The study will employ single-pulse transcranial magnetic stimulation (sTMS, Xiang Yu Medical; China) to the primary motor cortex (M1 area) of the hand region. This technique will measure motor-evoked potential (MEP) in the first dorsal interosseous muscle via surface electrodes. MEP amplitude, latency, resting motor threshold (RMT), active motor threshold (AMT), and central motor conduction time (CMCT) will be evaluated as indicators of corticospinal tract function. Subjects will be seated comfortably with their head and arm relaxed. The TMS coil will be placed 5 cm lateral to the vertex, aligning at a 45° angle from the brain midline with the handle pointing backwards. The location yielding consistently maximal MEP responses will be identified as the “motor hotspot” [27]. The magnetic stimulus intensity will be set at 20% above the MEP threshold.
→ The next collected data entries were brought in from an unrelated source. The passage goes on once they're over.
Lemma leb_outer_setU_null (A B : set Rn) :
  leb_outer A = 0%E -> leb_outer B = 0%E -> leb_outer (A `|` B) = 0%E.
Proof.
move=> A0 B0; apply/le_anti; rewrite leb_outer_ge0 andbT.
apply/lee_addgt0Pr => e e0; rewrite add0e.
have e20 : 0 < e / 2 by rewrite divr_gt0.
have /ereal_inf_lt[_ [a1 [b1 [covA ->]]] sumA] : (leb_outer A < (e / 2)%:E)%E.
  by rewrite A0 lte_fin.
have /ereal_inf_lt[_ [a2 [b2 [covB ->]]] sumB] : (leb_outer B < (e / 2)%:E)%E.
  by rewrite B0 lte_fin.
pose a k := if odd k then a2 k./2 else a1 k./2.
pose b k := if odd k then b2 k./2 else b1 k./2.
apply: (le_trans (@leb_outer_le_cover _ a b _)).
  move=> x [/covA[k _ xk]|/covB[k _ xk]].
    by exists k.*2 => //; rewrite /a /b odd_double doubleK.
  by exists k.*2.+1 => //; rewrite /a /b /= odd_double /= uphalf_double.
have -> : (\sum_(k <oo) (boxvol (a k) (b k))%:E = \sum_(k <oo)
    if odd k then (boxvol (a2 k./2) (b2 k./2))%:E
    else (boxvol (a1 k./2) (b1 k./2))%:E)%E.
  by apply: eq_eseriesr => k _; rewrite /a /b; case: ifP.
apply: le_trans (@nneseries_interleave_le (fun k => (boxvol (a1 k) (b1 k))%:E)
  (fun k => (boxvol (a2 k) (b2 k))%:E) _ _) _ => [k|k|].
- by rewrite lee_fin boxvol_ge0.
- by rewrite lee_fin boxvol_ge0.
by rewrite (le_trans (ltW (lteD sumA sumB))) // -EFinD -splitr.
Qed.

Hypothesis n_gt0 : (0 < n)%N.

Lemma boxvol_diag0 (a : Rn) : boxvol a a = 0.
Proof. by rewrite /boxvol (bigD1 (Ordinal n_gt0)) //= subrr maxxx mul0r. Qed.

Lemma leb_outer_le_box (A : set Rn) (a b : Rn) :
  A `<=` box a b -> (leb_outer A <= (boxvol a b)%:E)%E.
Proof.
move=> Abox.
pose a' k := if k == 0%N then a else 0.
pose b' k := if k == 0%N then b else 0.
apply: (le_trans (@leb_outer_le_cover _ a' b' _)); first by move=> x /Abox; exists 0%N.
rewrite le_eqVlt; apply/orP; left; apply/eqP.
apply: lim_near_cst => //; near=> N.
rewrite big_ltn; last by near: N; exists 1%N.
rewrite big1_seq ?adde0 // => k /andP[_]; rewrite mem_index_iota => /andP[k1 _].
by rewrite /a' /b' gtn_eqF // boxvol_diag0.
Unshelve. all: by end_near.
Qed.

Lemma leb_outer_set0 : leb_outer (@set0 Rn) = 0%E.
Proof.
apply/le_anti; rewrite leb_outer_ge0 andbT.
by have := @leb_outer_le_box set0 0 0 (@sub0set _ _); rewrite boxvol_diag0.
Qed.

End OuterMeasure.

(* The empty product makes every box of R^0 have volume 1, so R^0 has no null sets. *)
Lemma leb_outer_dim0_ge1 (R : realType) (A : set 'rV[R]_0) : (1 <= leb_outer A)%E.
Proof.
apply: le_ereal_inf_tmp => _ [a [b [_ ->]]].
apply: le_trans (@nneseries_lim_ge _ _ xpredT 0%N 1%N _).
  by rewrite big_nat1 /boxvol big_ord0.
by move=> k _ _; rewrite lee_fin boxvol_ge0.
Qed.

Section AlmostEverywhere.
Variables (R : realType) (n : nat).
Notation Rn := 'rV[R]_n.
Implicit Types (Om : set Rn) (P Q : Rn -> Prop).

Lemma ae_in_subset Om Om' P : Om' `<=` Om -> ae_in Om P -> ae_in Om' P.
Proof. by move=> sub [N [N0 HN]]; exists N; split => // x /sub; apply: HN. Qed.

Lemma ae_in_impl Om P Q :
  (forall x, Om x -> P x -> Q x) -> ae_in Om P -> ae_in Om Q.
Proof.
by move=> PQ [N [N0 HN]]; exists N; split => // x Omx Nx; apply/PQ/HN.
Qed.

Lemma ae_in_and Om P Q :
  ae_in Om P -> ae_in Om Q -> ae_in Om (fun x => P x /\ Q x).
Proof.
move=> [N1 [N10 HN1]] [N2 [N20 HN2]]; exists (N1 `|` N2).
split; first exact: leb_outer_setU_null.
by move=> x Omx Nx; split; [apply: HN1 | apply: HN2] => // ?; apply: Nx; [left|right].
Qed.

End AlmostEverywhere.

Section Geometry.
Variables (R : realType) (n : nat).
Notation Rn := 'rV[R]_n.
The TMS operator will adjust the magnetic cortical stimulus intensity to elicit MEPs of peak-to-peak amplitude 1 mV on average [28]. Five sequential stimulations will be administered at each intensity, and the average of the resulting five MEP traces will be used for data analysis. Latency will be reported as mean ± SD, while amplitude will be represented by the median due to data distribution skewness.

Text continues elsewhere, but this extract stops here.